*** Opening of Data supplied ***
(* Let $\phi:\{0,1\}^N\to\{0,1\}$ be a boolean function, regarded as a multi-valued logic gate with $k=N$, $T_i=\{0,1\}$, $w(i,0)=0$, $w(i,1)=1$ for all $i$, and output set $T=\{0,1\}\subset\mathbb{R}$ (so $N(\overline{\phi})=N$). Then $\mathrm{cs}(\overline{\phi})\le s(\phi)$.
   Context: Sensitivity: for $z\in\{0,1\}^N$, let $z^i$ be obtained from $z$ by changing its $i$-th coordinate; $s(\phi,z)$ is the number of indices $i$ with $\phi(z)\ne\phi(z^i)$, and $s(\phi)=\max_z s(\phi,z)$. Standard simplex: $\Delta^{m}=\{(t_0,\dots,t_m)\in\mathbb{R}^{m+1}: t_i\ge0,\ \sum_i t_i=1\}$; for $0\le j\le m$, $\Delta^m_j=\{(t_0,\dots,\widehat{t_j},\dots,t_m):(t_0,\dots,t_m)\in\Delta^m,\ t_j\neq0\}\subseteq\mathbb{R}^m$. Multi-valued logic gate: finite sets $T_i=\{w(i,0),\dots,w(i,n_i-1)\}$ ($i=1,\dots,k$), a finite set $T\subset\mathbb{R}^m$ and $\phi:T_1\times\cdots\times T_k\to T$. Fourier series expansion: $\overline{\phi}:\Delta^{n_1-1}\times\cdots\times\Delta^{n_k-1}\to\mathbb{R}^m$, $\overline{\phi}((t_{1,j})_j,\dots,(t_{k,j})_j)=\sum_{(j_1,\dots,j_k)}\big(\prod_{s=1}^k t_{s,j_s}\big)\phi(w(1,j_1),\dots,w(k,j_k))$. $N(\overline{\phi})=n_1+\cdots+n_k-k$. For $z=(w(1,j(z,1)),\dots,w(k,j(z,k)))$: $C(\overline{\phi},z)=\prod_{i=1}^k\Delta^{n_i-1}_{j(z,i)}\subseteq\mathbb{R}^{N(\overline\phi)}$, and $f_z:\mathbb{R}^{N(\overline\phi)}\to\mathbb{R}^m$ is the polynomial map in the variables $t_{i,j}$ ($j\ne j(z,i)$, ordered lexicographically) obtained from the multilinear formula for $\overline{\phi}$ by substituting $t_{i,j(z,i)}=1-\sum_{j\neq j(z,i)}t_{i,j}$. Signs: for $g:\mathbb{R}^n\to\mathbb{R}$ and nonempty $C$, $\mathrm{sign}_C(g)=+1,0,-1$ if $g>0$, $g=0$, $g<0$ on all of $C$ respectively, and $u$ (formal symbol) otherwise; $\mathrm{Sign}_C(g)=(\mathrm{sign}_C(\partial g/\partial x_1),\dots,\mathrm{sign}_C(\partial g/\partial x_n))$. $S_n$: nonzero tuples in $\{-1,0,1\}^n$ with first nonzero entry $1$. $t\in\{1,0,-1,u\}^n$ eliminates $s\in S_n$ if (i) $t_i\neq0\neq s_i$ for some $i$; (ii) there is $k\in\{\pm1\}$ with $t_i=ks_i$ whenever $s_i\ne0$, $t_i\ne0$; (iii) $s_i=0$ whenever $t_i=u$. $\mathrm{Elim}(X)$ = set of elements of $S_n$ eliminated by some element of $X$. $\mathrm{Sens}_C(f)$ = set of $v\in S_n$ eliminated by $\mathrm{Sign}_C(\pi\circ f)$ for some differentiable $\pi:\mathbb{R}^m\to\mathbb{R}$. Continuous sensitivity: with $N'=N(\overline\phi)$, $\mathrm{cs}(\overline{\phi},z)=\log_3\big(3^{N'}-2|\mathrm{Elim}(S_{N'}\setminus\mathrm{Sens}_{C(\overline{\phi},z)}(f_z))|\big)$, $\mathrm{cs}(\overline{\phi})=\max_z\mathrm{cs}(\overline{\phi},z)$. *)

From Stdlib Require Import Reals Classical ClassicalEpsilon.
From HB Require Import structures.
From mathcomp Require Import all_boot.

Set Implicit Arguments.
Unset Strict Implicit.
Unset Printing Implicit Defensive.

Definition bpt (N : nat) := {ffun 'I_N -> bool}.

Definition flip (N : nat) (z : bpt N) (i : 'I_N) : bpt N :=
  [ffun j => if j == i then ~~ z j else z j].

Definition sens_at (N : nat) (phi : bpt N -> bool) (z : bpt N) : nat :=
  #|[set i : 'I_N | phi z != phi (flip z i)]|.

Definition sensitivity (N : nat) (phi : bpt N -> bool) : nat :=
  \max_(z : bpt N) sens_at phi z.

(* A point of Delta^1 x ... x Delta^1 is t : 'I_N -> bool -> R, with    *)
(* t i false = t_{i,0} and t i true = t_{i,1}.                          *)

Local Open Scope R_scope.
*** Close of Data supplied ***
What to produce -
Nothing but the lines from the line that contains "Unset Printing Implicit Defensive." to the last line of the records above should appear in the answer; please copy them exactly.

Response to the exercise -
Unset Printing Implicit Defensive.

Definition bpt (N : nat) := {ffun 'I_N -> bool}.

Definition flip (N : nat) (z : bpt N) (i : 'I_N) : bpt N :=
  [ffun j => if j == i then ~~ z j else z j].

Definition sens_at (N : nat) (phi : bpt N -> bool) (z : bpt N) : nat :=
  #|[set i : 'I_N | phi z != phi (flip z i)]|.

Definition sensitivity (N : nat) (phi : bpt N -> bool) : nat :=
  \max_(z : bpt N) sens_at phi z.

(* A point of Delta^1 x ... x Delta^1 is t : 'I_N -> bool -> R, with    *)
(* t i false = t_{i,0} and t i true = t_{i,1}.                          *)

Local Open Scope R_scope.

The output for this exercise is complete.